Decoder-Only Transformers in Large Language Models

Decoder-only Transformers form the architectural core of many widely used Large Language Models (LLMs), including GPT-style models. This documentation explains their structure, how they process input, and how they generate language in a left-to-right autoregressive manner.

1. Language Modeling Setup: Input and Output

In a standard language modeling task, the model receives a sequence of tokens:

$$ {x_0, x_1, \dots, x_{m-1}} $$

At each position $i$, the model aims to predict the next token by outputting a probability distribution over the entire vocabulary ($V$), conditioned on all preceding tokens:

$$ P(\cdot \mid x_0, x_1, \dots, x_{i-1}) $$

This is known as autoregressive generation, where each predicted token is appended to the input context for the subsequent prediction.

During training, the objective is to maximize the log-likelihood of the entire token sequence:

$$ \sum_{i=1}^{m} \log P(x_i \mid x_0, x_1, \dots, x_{i-1}) $$

Note: The term $\log P(x_0)$ is typically ignored or set to zero, as $x_0$ is often a special "start" token.

2. Embeddings: Token and Positional Information

Each input token $x_i$ is first converted into a $d$-dimensional vector $e_i$ by combining its token embedding with its positional embedding:

$$ e_i = \text{TokenEmbedding}(x_i) + \text{PositionalEmbedding}(i) $$

This process ensures that the model captures both the semantic meaning of the token and its position within the sequence.
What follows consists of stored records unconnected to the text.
(* Let $m\ge2$, $n\ge1$ with $m(n-1)$ even, let $\mathcal{H}$ be the real $m^{\rm th}$-order $n$-dimensional Hankel tensor generated by ${\bf h}\in\mathbb{R}^{m(n-1)+1}$, and let $H$ be its associated Hankel matrix. Define the positive constant $c$ (depending on $m,n$) by $c=\min_{0\ne{\bf y}\in\mathbb{R}^n}\|{\bf y}^{\ast\frac m2}\|_2^2/\|{\bf y}\|_m^m$ if $m$ is even, and $c=\min_{0\ne{\bf y}\in\mathbb{R}^n}\|{\bf y}^{\ast\frac{m-1}2}\|_2^2/\|{\bf y}\|_{m-1}^{m-1}$ if $m$ is odd. If $H$ is positive semi-definite, then every H-eigenvalue $\lambda$ of $\mathcal{H}$ satisfies $\lambda\ge c\,\lambda_{\min}(H)$ (i.e. $\lambda_{\min}(\mathcal{H})\ge c\,\lambda_{\min}(H)$). If $H$ is negative semi-definite, then every H-eigenvalue $\lambda$ of $\mathcal{H}$ satisfies $\lambda\le c\,\lambda_{\max}(H)$ (i.e. $\lambda_{\max}(\mathcal{H})\le c\,\lambda_{\max}(H)$).
   Context: The Hankel tensor generated by ${\bf h}=(h_0,\dots,h_{m(n-1)})$ has entries $\mathcal{H}_{i_1\dots i_m}=h_{i_1+\dots+i_m}$, $0\le i_j\le n-1$; its associated Hankel matrix is $H$ with $H_{ij}=h_{i+j}$, $0\le i,j\le m(n-1)/2$; $\lambda_{\min}(H),\lambda_{\max}(H)$ are its extreme eigenvalues. Convolution: for ${\bf u}\in\mathbb{R}^{n_1},{\bf v}\in\mathbb{R}^{n_2}$ (indexed from $0$), $({\bf u}\ast{\bf v})_j=\sum_{i=0}^j u_iv_{j-i}$ with out-of-range entries zero, and ${\bf y}^{\ast p}$ is the $p$-fold convolution of ${\bf y}$ with itself. A real $\lambda$ is an H-eigenvalue of $\mathcal{H}$ if there is nonzero ${\bf x}\in\mathbb{R}^n$ with $\mathcal{H}{\bf x}^{m-1}=\lambda{\bf x}^{[m-1]}$, where $(\mathcal{H}{\bf x}^{m-1})_i=\sum_{i_2,\dots,i_m}\mathcal{H}_{ii_2\dots i_m}x_{i_2}\cdots x_{i_m}$ and ${\bf x}^{[m-1]}=(x_i^{m-1})_i$; $\lambda_{\min}(\mathcal{H}),\lambda_{\max}(\mathcal{H})$ are the smallest and largest H-eigenvalues (when they exist). $\|\cdot\|_p$ is the $\ell_p$-norm. *)

From HB Require Import structures.
From mathcomp Require Import all_boot all_order all_algebra.
From mathcomp Require Import reals.
Set Implicit Arguments. Unset Strict Implicit. Unset Printing Implicit Defensive.
Import Order.TTheory GRing.Theory Num.Theory.
Local Open Scope ring_scope.

Section Hankel.
Variable R : realType.

Definition hget (m n : nat) (h : 'rV[R]_(m * (n - 1)).+1) (k : nat) : R :=
  h 0 (inord k).

(* (H x^{m-1})_i = sum_{i_2..i_m} h_{i+i_2+...+i_m} x_{i_2} ... x_{i_m} *)
Definition hankel_tensor_apply (m n : nat) (h : 'rV[R]_(m * (n - 1)).+1)
  (x : 'rV[R]_n) (i : 'I_n) : R :=
  \sum_(t : (m.-1).-tuple 'I_n)
     hget h (i + \sum_(j <- t) nat_of_ord j)%N * \prod_(j <- t) x 0 j.

Definition H_eigenvalue (m n : nat) (h : 'rV[R]_(m * (n - 1)).+1) (lam : R) : Prop :=
  exists x : 'rV[R]_n, x != 0 /\
    forall i : 'I_n, hankel_tensor_apply h x i = lam * x 0 i ^+ (m.-1).

Definition hankel_mx (m n : nat) (h : 'rV[R]_(m * (n - 1)).+1)
  : 'M[R]_((m * (n - 1))./2.+1) :=
  \matrix_(i, j) hget h (i + j)%N.

Definition psd (N : nat) (A : 'M[R]_N) : Prop :=
  forall x : 'cV[R]_N, 0 <= (x^T *m A *m x) 0 0.
Definition nsd (N : nat) (A : 'M[R]_N) : Prop :=
  forall x : 'cV[R]_N, (x^T *m A *m x) 0 0 <= 0.

Definition is_lambda_min (N : nat) (A : 'M[R]_N) (l : R) : Prop :=
  eigenvalue A l /\ forall a, eigenvalue A a -> l <= a.
Definition is_lambda_max (N : nat) (A : 'M[R]_N) (l : R) : Prop :=
  eigenvalue A l /\ forall a, eigenvalue A a -> a <= l.

Definition conv (u v : seq R) : seq R :=
  mkseq (fun j => \sum_(i < j.+1) u`_i * v`_(j - i)) (size u + size v).-1.

(* p-fold convolution of y with itself (p >= 1) *)
Definition convpow (y : seq R) (p : nat) : seq R := iter p.-1 (conv y) y.

Definition norm2sq (s : seq R) : R := \sum_(a <- s) a ^+ 2.

Definition normpow (n : nat) (y : 'rV[R]_n) (q : nat) : R :=
  \sum_(i < n) `|y 0 i| ^+ q.

Definition vseq (n : nat) (y : 'rV[R]_n) : seq R := [seq y 0 i | i <- enum 'I_n].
The sequence of these embedding vectors forms the initial input matrix for the Transformer model:

$$ {e_0, e_1, \dots, e_{m-1}} $$

3. Transformer Block Architecture

A decoder-only Transformer is composed of $L$ stacked Transformer blocks. Each block contains two primary sub-layers:

1. Masked Self-Attention Layer: Allows the model to weigh the importance of different tokens in the input sequence, but with a constraint to only attend to preceding tokens.
2. Feed-Forward Neural Network (FFN) Layer: A position-wise fully connected network that further processes the representations.

These sub-layers are typically applied with normalization, either pre-norm or post-norm:

• Post-norm: $$ \text{output} = \text{LayerNorm}(F(\text{input}) + \text{input}) $$
• Pre-norm: $$ \text{output} = \text{LayerNorm}(F(\text{input})) + \text{input} $$

Here, $F(\cdot)$ represents the core function of the sub-layer (self-attention or FFN), and $\text{LayerNorm}$ is a normalization function used to stabilize training. Each block takes an input matrix of shape $m \times d$ (sequence length $\times$ embedding dimension) and outputs a matrix of the same shape, containing contextualized token representations.
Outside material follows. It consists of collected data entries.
(* Let $d\ge2$ be an integer, $D_1,\dots,D_d$ real constants, $D=\sum_iD_i$. Define $m:[-D^2/d,\pi^2/d)\to[0,\infty)$ as follows (with $\mu=-\lambda$ when $\lambda<0$): $$m(\lambda)=\begin{cases}0 & \text{if } \lambda=-D^2/d<0,\\[2pt] \left|\ln\left(\dfrac{\big(\frac{e^{\sqrt{d\mu}}}{\sqrt{-C_-}}+1\big)\big(-\frac{1}{\sqrt{-C_-}}+1\big)}{\big(1-\frac{e^{\sqrt{d\mu}}}{\sqrt{-C_-}}\big)\big(1+\frac{1}{\sqrt{-C_-}}\big)}\right)\right| & \text{if } -D^2/d<\lambda<0,\\[2pt] |D| & \text{if } \lambda=0,\\[2pt] \left|\ln\dfrac{\tan(C_++\sqrt{d\lambda})+\sec(C_++\sqrt{d\lambda})}{\tan(C_+)+\sec(C_+)}\right| & \text{if } 0<\lambda<\pi^2/d,\end{cases}$$ where $C_-=\dfrac{e^{2\sqrt{d\mu}}-e^{D+\sqrt{d\mu}}}{e^{D+\sqrt{d\mu}}-1}$ and $C_+=\arctan\left(\dfrac{\cos(\sqrt{d\lambda})-e^D}{\sin(\sqrt{d\lambda})}\right)$. For $\lambda\in[-D^2/d,\pi^2/d)$, let $L=(L_1,\dots,L_d)\in C^1([0,1];\mathbb{R}^d)$ be the unique solution of $$L_i'=-\Big(\sum_{k=1}^dL_k\Big)L_i-\lambda\ \text{ on }[0,1],\qquad\int_0^1L_i(r)\,dr=D_i\qquad(i=1,\dots,d).$$ Then $L$ satisfies $$(d-1)\lambda=\sum_{i=1}^dL_i(0)^2-\Big(\sum_{i=1}^dL_i(0)\Big)^2$$ if and only if $$m(\lambda)=\sqrt{\frac{d}{d-1}\sum_{i=1}^d\Big(D_i-\frac{D}{d}\Big)^2}.$$
   Context: For $-D^2/d<\lambda<0$ one has $C_-<0$, so $\sqrt{-C_-}$ is defined. *)

From Stdlib Require Import Reals Lra.
From Coquelicot Require Import Coquelicot.
Open Scope R_scope.

(* rsum n f = f 0 + ... + f (n-1)   (indices 0..n-1 stand for 1..n) *)
Fixpoint rsum (n : nat) (f : nat -> R) : R :=
  match n with
  | O => 0
  | S k => rsum k f + f k
  end.

Definition sec (x : R) : R := / cos x.

Definition Cminus (d : nat) (D mu : R) : R :=
  (exp (2 * sqrt (INR d * mu)) - exp (D + sqrt (INR d * mu)))
  / (exp (D + sqrt (INR d * mu)) - 1).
4. Self-Attention Mechanism with Causal Masking

The self-attention sub-layer, typically multi-head attention, enables the model to attend to different aspects of the input representation. The core attention mechanism is calculated as:

$$ \text{Att}(Q, K, V) = \text{Softmax}\left(\frac{QK^T}{\sqrt{d_k}} + \text{Mask}\right) V $$

Where:

• $Q$ (Query), $K$ (Key), and $V$ (Value) are matrices derived from the input representation $H$.
• $d_k$ is the dimension of the keys.
• Mask is crucial for causality. It prevents the model from attending to future tokens. For each position $i$, the mask ensures that the model can only attend to positions $k$ where $k \le i$.
  • $\text{Mask}[i, k] = 0$ if $i \ge k$ (attend to current and previous tokens)
  • $\text{Mask}[i, k] = -\infty$ if $i < k$ (mask out future tokens, making their attention scores zero after Softmax).

4.1 Multi-Head Self-Attention

To capture a richer set of relationships, the attention mechanism is applied in parallel across multiple "heads." Each head $j$ computes attention independently:

$$ \text{head}_j = \text{Att}(Q_j, K_j, V_j) $$

These $Q_j, K_j, V_j$ matrices are obtained through learned linear projections of the input representation $H$:

$$ Q_j = H W_{q_j} \quad K_j = H W_{k_j} \quad V_j = H W_{v_j} $$

Where $W_{q_j}, W_{k_j}, W_{v_j}$ are learnable weight matrices. Typically, the embedding dimension $d$ is split across $\tau$ heads, so these projection matrices have dimensions $d \times (d/\tau)$.

The outputs of all heads are then concatenated and linearly projected back to the original model dimension:

$$ F(H) = \text{Merge}(\text{head}1, \dots, \text{head}\tau) W_{\text{head}} $$

Where $W_{\text{head}}$ is another learned weight matrix.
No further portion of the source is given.